== DIRECTIONS ==
Copy out, from the data, each line containing the string "Import".

(Dataset items)
────────
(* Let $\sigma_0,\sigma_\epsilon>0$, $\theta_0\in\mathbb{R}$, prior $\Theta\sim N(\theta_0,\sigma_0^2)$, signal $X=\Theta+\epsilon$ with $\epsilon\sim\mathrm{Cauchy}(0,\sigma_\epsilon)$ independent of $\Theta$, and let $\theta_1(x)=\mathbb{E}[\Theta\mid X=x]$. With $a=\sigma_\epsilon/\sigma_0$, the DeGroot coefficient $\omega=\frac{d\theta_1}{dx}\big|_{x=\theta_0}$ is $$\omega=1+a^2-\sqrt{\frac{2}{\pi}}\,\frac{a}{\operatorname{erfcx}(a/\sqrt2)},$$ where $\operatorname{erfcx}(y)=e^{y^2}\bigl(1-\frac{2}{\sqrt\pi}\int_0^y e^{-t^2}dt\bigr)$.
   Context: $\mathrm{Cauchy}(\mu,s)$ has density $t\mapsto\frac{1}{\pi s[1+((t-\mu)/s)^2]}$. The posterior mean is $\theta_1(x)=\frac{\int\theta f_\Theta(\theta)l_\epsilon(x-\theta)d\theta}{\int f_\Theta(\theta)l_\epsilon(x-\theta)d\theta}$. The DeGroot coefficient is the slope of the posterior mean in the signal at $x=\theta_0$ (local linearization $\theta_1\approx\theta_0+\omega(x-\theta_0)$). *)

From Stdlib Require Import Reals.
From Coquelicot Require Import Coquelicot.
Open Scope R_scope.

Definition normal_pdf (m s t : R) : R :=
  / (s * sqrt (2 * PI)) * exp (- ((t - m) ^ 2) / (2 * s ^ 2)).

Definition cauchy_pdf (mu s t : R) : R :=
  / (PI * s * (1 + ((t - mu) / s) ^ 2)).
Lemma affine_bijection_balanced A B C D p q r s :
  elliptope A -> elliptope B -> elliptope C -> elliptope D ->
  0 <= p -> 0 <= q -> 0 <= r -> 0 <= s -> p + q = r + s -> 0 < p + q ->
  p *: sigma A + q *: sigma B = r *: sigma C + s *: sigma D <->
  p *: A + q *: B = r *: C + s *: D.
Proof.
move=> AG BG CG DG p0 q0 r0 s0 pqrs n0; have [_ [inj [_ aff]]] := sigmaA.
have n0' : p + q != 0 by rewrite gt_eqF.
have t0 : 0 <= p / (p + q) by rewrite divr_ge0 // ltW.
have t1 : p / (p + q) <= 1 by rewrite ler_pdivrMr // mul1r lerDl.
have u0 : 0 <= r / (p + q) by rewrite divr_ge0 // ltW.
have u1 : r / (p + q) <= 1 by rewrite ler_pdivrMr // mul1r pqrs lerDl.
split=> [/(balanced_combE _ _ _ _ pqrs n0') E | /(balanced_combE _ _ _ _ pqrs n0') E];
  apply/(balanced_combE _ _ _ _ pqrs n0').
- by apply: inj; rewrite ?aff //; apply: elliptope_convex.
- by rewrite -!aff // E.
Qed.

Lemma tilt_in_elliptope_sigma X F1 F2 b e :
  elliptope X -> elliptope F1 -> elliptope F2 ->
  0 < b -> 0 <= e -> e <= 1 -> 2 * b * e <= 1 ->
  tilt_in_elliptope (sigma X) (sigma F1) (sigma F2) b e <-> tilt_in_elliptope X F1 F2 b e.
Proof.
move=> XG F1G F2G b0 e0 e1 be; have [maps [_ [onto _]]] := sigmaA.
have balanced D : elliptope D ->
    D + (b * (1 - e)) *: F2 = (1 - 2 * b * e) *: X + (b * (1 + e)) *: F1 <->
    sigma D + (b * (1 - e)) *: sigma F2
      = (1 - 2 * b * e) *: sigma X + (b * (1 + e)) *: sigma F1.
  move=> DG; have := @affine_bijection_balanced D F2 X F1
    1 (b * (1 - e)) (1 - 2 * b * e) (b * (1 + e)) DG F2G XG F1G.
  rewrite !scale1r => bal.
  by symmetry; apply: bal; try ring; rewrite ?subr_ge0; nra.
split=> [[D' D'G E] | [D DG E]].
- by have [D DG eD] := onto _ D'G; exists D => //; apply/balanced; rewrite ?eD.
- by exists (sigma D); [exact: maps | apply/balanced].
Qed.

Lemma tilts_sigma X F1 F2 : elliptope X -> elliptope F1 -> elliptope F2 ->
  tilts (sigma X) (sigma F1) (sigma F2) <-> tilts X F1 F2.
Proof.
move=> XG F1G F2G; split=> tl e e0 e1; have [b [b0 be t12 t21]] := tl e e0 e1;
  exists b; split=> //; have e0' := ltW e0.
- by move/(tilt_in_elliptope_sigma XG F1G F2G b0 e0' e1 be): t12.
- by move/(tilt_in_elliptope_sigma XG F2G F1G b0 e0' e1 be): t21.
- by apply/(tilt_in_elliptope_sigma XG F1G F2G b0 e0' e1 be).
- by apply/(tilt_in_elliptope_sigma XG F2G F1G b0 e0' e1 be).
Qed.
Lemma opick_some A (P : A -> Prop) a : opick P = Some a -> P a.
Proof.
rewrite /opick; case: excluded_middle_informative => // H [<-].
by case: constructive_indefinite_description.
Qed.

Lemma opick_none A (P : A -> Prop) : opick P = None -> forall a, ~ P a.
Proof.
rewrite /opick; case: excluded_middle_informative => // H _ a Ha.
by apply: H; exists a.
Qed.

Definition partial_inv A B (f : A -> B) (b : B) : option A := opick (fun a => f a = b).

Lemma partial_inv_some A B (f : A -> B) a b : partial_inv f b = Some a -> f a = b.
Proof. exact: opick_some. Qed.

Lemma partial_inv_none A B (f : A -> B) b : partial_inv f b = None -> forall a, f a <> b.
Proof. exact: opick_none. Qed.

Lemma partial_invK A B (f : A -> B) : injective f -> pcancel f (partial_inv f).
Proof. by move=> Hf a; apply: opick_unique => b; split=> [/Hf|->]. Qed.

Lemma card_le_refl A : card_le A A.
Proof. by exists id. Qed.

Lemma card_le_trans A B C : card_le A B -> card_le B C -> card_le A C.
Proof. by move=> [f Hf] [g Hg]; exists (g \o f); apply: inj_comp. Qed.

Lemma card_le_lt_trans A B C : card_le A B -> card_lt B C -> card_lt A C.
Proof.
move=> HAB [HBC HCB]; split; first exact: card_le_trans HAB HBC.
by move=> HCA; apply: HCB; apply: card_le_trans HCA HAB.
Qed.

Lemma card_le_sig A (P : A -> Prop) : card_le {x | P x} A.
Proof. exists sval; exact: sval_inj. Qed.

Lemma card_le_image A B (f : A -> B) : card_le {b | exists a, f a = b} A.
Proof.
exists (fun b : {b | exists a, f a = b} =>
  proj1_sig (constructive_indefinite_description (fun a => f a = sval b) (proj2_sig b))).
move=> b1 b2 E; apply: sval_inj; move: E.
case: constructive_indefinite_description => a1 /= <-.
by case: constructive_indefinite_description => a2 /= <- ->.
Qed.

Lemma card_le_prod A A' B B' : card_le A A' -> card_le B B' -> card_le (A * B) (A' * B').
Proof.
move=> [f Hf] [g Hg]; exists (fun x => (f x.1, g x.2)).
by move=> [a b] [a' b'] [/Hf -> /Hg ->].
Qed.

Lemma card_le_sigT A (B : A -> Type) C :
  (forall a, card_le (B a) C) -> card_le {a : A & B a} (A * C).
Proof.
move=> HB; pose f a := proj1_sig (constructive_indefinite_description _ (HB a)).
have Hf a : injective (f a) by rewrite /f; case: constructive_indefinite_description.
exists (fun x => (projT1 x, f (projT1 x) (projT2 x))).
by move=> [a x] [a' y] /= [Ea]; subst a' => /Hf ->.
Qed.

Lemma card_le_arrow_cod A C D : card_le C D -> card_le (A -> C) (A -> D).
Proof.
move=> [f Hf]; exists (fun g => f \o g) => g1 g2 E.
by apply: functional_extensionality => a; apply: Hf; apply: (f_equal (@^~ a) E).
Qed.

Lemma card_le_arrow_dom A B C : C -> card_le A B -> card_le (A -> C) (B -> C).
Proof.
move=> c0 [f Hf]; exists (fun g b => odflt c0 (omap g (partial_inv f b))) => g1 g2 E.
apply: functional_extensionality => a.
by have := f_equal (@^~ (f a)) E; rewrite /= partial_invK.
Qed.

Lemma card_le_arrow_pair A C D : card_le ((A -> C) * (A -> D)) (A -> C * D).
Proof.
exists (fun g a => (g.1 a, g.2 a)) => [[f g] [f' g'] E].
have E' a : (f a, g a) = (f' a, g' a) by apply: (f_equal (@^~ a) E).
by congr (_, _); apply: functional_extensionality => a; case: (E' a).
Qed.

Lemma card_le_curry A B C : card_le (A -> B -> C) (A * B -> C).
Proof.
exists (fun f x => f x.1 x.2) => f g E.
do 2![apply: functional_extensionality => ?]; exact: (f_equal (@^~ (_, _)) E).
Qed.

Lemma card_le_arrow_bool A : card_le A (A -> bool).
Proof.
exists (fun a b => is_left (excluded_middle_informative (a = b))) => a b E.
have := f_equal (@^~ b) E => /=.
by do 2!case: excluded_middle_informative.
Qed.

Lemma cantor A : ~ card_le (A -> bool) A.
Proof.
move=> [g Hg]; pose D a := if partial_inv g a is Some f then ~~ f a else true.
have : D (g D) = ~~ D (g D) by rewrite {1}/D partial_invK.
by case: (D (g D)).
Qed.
────────
== ANSWER FOR THE TASK ==
From Stdlib Require Import Reals.
From Coquelicot Require Import Coquelicot.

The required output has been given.